Problem details: Set down exactly the lines in the records below that run from the line with "delta_int X (fun" to the line with "and every rd-continuous", inclusive, and nothing more.

Task input:
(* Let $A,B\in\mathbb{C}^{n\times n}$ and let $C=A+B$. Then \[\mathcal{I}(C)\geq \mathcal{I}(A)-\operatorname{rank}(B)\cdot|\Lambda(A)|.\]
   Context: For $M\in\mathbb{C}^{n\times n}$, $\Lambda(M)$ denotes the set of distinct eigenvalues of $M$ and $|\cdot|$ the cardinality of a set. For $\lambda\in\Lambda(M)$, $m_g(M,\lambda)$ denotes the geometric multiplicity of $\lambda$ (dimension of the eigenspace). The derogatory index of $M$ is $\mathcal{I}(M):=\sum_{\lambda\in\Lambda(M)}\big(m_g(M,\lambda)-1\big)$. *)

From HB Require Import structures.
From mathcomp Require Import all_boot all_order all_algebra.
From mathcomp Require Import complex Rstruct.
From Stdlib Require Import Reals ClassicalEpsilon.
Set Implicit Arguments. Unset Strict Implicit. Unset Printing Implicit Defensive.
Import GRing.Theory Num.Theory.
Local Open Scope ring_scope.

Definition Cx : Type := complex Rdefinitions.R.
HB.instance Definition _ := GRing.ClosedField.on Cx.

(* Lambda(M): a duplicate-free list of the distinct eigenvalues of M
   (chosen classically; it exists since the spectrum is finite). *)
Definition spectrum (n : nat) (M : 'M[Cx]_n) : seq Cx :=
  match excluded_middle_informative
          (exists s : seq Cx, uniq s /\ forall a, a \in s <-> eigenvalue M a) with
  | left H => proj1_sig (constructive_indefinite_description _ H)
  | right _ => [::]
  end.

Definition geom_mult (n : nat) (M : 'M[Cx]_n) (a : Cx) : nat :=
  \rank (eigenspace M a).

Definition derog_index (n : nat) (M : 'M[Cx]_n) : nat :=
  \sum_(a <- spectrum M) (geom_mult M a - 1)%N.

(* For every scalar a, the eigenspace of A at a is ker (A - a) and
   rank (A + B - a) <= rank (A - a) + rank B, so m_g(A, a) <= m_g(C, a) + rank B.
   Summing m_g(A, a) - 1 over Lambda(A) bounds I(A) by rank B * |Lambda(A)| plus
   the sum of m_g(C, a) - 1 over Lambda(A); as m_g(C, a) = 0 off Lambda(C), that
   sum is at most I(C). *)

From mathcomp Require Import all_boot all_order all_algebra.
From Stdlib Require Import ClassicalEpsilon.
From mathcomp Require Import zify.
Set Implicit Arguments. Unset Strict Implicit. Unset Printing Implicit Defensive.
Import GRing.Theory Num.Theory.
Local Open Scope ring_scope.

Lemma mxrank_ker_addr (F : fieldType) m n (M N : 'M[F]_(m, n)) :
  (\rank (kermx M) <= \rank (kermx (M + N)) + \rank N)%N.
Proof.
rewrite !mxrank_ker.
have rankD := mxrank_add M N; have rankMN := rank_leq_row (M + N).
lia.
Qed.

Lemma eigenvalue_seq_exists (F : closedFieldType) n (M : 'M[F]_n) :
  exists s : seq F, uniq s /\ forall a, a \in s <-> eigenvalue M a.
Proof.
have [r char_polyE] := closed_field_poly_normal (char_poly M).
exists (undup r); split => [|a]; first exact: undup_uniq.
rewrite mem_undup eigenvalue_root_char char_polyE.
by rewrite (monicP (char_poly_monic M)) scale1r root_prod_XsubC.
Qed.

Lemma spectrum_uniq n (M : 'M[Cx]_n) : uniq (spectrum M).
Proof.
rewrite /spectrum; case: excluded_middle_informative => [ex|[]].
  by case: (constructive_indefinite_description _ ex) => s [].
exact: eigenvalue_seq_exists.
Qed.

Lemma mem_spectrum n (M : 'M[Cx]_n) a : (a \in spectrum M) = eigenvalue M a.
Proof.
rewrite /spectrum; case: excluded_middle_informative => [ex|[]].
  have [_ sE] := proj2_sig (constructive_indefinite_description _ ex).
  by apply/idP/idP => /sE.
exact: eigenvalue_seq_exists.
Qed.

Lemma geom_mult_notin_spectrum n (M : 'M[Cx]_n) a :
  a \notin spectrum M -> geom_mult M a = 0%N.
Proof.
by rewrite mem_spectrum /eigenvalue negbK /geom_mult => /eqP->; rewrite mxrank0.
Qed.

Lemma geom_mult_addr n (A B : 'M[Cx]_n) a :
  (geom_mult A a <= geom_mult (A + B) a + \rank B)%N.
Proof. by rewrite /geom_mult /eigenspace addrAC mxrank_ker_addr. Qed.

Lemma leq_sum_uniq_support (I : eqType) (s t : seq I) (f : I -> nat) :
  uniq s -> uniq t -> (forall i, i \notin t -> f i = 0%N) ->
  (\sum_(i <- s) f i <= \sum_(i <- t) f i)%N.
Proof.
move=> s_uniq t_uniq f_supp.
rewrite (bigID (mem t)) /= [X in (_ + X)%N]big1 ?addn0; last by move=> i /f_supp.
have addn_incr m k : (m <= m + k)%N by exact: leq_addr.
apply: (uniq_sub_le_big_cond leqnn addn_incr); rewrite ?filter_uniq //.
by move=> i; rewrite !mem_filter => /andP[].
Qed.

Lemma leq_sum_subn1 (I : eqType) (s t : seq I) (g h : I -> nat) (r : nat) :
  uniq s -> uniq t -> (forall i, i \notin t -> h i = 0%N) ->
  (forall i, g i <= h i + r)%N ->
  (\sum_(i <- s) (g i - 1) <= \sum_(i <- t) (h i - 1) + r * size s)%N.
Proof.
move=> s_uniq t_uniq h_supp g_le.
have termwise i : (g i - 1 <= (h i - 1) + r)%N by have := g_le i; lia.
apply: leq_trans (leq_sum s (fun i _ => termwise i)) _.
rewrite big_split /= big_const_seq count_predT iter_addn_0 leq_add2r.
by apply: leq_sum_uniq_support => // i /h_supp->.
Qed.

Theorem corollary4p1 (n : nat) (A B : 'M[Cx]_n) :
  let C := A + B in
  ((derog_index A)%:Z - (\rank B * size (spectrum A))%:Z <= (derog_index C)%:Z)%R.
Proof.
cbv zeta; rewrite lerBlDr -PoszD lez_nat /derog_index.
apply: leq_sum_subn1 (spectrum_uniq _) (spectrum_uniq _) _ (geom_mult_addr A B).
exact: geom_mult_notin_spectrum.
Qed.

--

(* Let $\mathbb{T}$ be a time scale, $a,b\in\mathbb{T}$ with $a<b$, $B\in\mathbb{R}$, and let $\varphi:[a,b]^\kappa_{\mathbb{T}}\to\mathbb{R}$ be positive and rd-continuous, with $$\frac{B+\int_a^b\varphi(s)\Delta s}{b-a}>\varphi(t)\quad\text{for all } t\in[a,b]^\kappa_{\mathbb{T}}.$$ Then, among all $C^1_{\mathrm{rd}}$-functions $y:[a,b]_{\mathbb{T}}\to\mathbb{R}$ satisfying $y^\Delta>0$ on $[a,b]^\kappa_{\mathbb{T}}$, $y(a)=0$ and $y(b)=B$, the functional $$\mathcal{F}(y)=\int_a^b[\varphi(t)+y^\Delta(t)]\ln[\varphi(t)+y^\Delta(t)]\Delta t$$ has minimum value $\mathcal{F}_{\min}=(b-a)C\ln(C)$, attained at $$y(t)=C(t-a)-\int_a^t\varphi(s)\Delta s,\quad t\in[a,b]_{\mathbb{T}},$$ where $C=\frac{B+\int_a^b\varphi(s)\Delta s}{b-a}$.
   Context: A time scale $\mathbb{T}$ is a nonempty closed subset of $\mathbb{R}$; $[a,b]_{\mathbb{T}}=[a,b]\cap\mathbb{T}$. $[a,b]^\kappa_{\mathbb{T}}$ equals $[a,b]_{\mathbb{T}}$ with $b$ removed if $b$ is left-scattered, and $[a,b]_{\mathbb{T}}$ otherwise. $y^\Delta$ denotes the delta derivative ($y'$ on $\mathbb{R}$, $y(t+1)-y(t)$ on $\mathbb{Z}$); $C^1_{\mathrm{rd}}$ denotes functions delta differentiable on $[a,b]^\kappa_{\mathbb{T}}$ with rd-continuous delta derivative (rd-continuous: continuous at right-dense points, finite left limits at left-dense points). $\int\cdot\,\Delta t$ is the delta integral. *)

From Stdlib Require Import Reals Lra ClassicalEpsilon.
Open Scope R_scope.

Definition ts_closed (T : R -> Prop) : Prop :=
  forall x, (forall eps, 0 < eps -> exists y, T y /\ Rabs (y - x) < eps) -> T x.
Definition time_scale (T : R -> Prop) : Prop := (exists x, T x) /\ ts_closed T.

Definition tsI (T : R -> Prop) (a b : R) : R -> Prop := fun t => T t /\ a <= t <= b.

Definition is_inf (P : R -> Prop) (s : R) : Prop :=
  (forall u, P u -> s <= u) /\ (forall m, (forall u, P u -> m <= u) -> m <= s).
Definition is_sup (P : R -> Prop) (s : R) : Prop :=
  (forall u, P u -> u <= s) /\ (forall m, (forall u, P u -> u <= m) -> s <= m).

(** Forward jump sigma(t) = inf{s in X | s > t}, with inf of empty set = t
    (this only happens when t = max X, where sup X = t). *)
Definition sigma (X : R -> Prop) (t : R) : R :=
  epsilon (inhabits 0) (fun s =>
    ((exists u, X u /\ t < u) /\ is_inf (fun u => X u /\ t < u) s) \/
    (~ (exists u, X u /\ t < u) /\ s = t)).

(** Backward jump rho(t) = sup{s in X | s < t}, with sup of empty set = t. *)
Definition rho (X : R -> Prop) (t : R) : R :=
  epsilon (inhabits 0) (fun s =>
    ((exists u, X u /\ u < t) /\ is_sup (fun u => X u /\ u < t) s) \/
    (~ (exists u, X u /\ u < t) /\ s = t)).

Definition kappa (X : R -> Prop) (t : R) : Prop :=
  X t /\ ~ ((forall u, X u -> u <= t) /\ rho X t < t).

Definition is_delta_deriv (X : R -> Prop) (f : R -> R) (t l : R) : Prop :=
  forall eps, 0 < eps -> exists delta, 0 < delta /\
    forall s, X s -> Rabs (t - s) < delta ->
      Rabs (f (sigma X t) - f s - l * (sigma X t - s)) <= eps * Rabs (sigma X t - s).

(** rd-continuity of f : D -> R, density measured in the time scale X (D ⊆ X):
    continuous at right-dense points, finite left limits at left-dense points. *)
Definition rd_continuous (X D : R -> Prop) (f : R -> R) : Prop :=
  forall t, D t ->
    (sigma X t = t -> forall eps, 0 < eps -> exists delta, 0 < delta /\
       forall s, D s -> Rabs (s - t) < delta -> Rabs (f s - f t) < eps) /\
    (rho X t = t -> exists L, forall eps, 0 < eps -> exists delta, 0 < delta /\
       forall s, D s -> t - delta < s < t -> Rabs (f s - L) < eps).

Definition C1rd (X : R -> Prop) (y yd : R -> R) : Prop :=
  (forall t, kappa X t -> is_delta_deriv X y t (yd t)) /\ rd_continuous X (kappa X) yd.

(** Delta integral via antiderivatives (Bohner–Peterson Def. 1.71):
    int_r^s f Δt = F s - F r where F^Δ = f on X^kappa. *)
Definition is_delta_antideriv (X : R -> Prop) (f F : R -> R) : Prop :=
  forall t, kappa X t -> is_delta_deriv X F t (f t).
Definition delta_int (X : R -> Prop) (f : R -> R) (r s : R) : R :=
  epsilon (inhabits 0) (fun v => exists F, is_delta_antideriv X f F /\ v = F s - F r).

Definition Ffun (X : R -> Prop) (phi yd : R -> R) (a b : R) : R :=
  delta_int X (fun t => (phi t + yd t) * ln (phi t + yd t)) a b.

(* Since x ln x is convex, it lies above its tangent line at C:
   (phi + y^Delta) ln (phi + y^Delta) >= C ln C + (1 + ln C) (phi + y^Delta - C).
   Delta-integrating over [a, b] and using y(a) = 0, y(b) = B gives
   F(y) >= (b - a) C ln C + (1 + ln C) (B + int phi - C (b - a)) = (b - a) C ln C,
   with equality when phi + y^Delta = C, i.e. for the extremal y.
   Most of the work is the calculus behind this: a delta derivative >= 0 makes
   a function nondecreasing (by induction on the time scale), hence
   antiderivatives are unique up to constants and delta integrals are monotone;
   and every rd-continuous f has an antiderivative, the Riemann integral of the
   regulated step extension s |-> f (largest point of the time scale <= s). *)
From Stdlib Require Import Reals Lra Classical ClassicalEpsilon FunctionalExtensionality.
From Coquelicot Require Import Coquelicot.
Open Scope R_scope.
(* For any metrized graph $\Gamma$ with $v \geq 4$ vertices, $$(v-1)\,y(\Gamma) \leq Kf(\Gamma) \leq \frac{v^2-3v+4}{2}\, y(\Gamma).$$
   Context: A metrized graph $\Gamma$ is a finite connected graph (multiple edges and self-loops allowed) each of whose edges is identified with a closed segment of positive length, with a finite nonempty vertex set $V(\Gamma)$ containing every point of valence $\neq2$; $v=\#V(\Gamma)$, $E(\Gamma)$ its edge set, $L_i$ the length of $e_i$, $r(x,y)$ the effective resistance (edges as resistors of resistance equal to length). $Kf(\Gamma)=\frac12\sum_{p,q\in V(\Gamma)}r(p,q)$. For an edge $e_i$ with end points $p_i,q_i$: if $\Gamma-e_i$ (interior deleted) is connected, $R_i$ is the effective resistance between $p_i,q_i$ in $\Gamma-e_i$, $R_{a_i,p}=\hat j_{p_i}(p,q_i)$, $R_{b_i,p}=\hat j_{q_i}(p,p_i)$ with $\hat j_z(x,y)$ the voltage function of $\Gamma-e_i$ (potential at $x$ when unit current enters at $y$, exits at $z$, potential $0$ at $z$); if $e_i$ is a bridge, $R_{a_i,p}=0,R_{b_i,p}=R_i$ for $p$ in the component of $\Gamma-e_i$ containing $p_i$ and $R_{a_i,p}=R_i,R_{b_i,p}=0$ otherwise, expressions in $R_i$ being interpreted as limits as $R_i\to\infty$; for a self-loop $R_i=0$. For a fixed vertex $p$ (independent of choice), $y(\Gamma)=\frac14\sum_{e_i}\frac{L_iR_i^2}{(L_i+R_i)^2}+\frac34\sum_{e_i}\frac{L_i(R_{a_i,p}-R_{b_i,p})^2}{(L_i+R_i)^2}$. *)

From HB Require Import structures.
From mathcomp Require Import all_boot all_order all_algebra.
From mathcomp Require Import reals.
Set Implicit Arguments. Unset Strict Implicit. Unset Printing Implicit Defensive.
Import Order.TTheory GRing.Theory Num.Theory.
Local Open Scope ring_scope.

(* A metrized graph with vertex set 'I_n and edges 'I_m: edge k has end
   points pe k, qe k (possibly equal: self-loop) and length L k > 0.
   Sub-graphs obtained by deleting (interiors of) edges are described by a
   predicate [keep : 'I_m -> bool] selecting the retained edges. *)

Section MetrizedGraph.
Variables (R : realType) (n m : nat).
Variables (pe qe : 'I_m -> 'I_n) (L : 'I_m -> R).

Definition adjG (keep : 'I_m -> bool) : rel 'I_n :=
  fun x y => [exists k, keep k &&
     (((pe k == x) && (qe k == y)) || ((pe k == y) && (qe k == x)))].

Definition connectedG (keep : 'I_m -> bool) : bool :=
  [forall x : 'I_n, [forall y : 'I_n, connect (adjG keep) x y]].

Result below:
  delta_int X (fun t => (phi t + yd t) * ln (phi t + yd t)) a b.

(* Since x ln x is convex, it lies above its tangent line at C:
   (phi + y^Delta) ln (phi + y^Delta) >= C ln C + (1 + ln C) (phi + y^Delta - C).
   Delta-integrating over [a, b] and using y(a) = 0, y(b) = B gives
   F(y) >= (b - a) C ln C + (1 + ln C) (B + int phi - C (b - a)) = (b - a) C ln C,
   with equality when phi + y^Delta = C, i.e. for the extremal y.
   Most of the work is the calculus behind this: a delta derivative >= 0 makes
   a function nondecreasing (by induction on the time scale), hence
   antiderivatives are unique up to constants and delta integrals are monotone;
   and every rd-continuous f has an antiderivative, the Riemann integral of the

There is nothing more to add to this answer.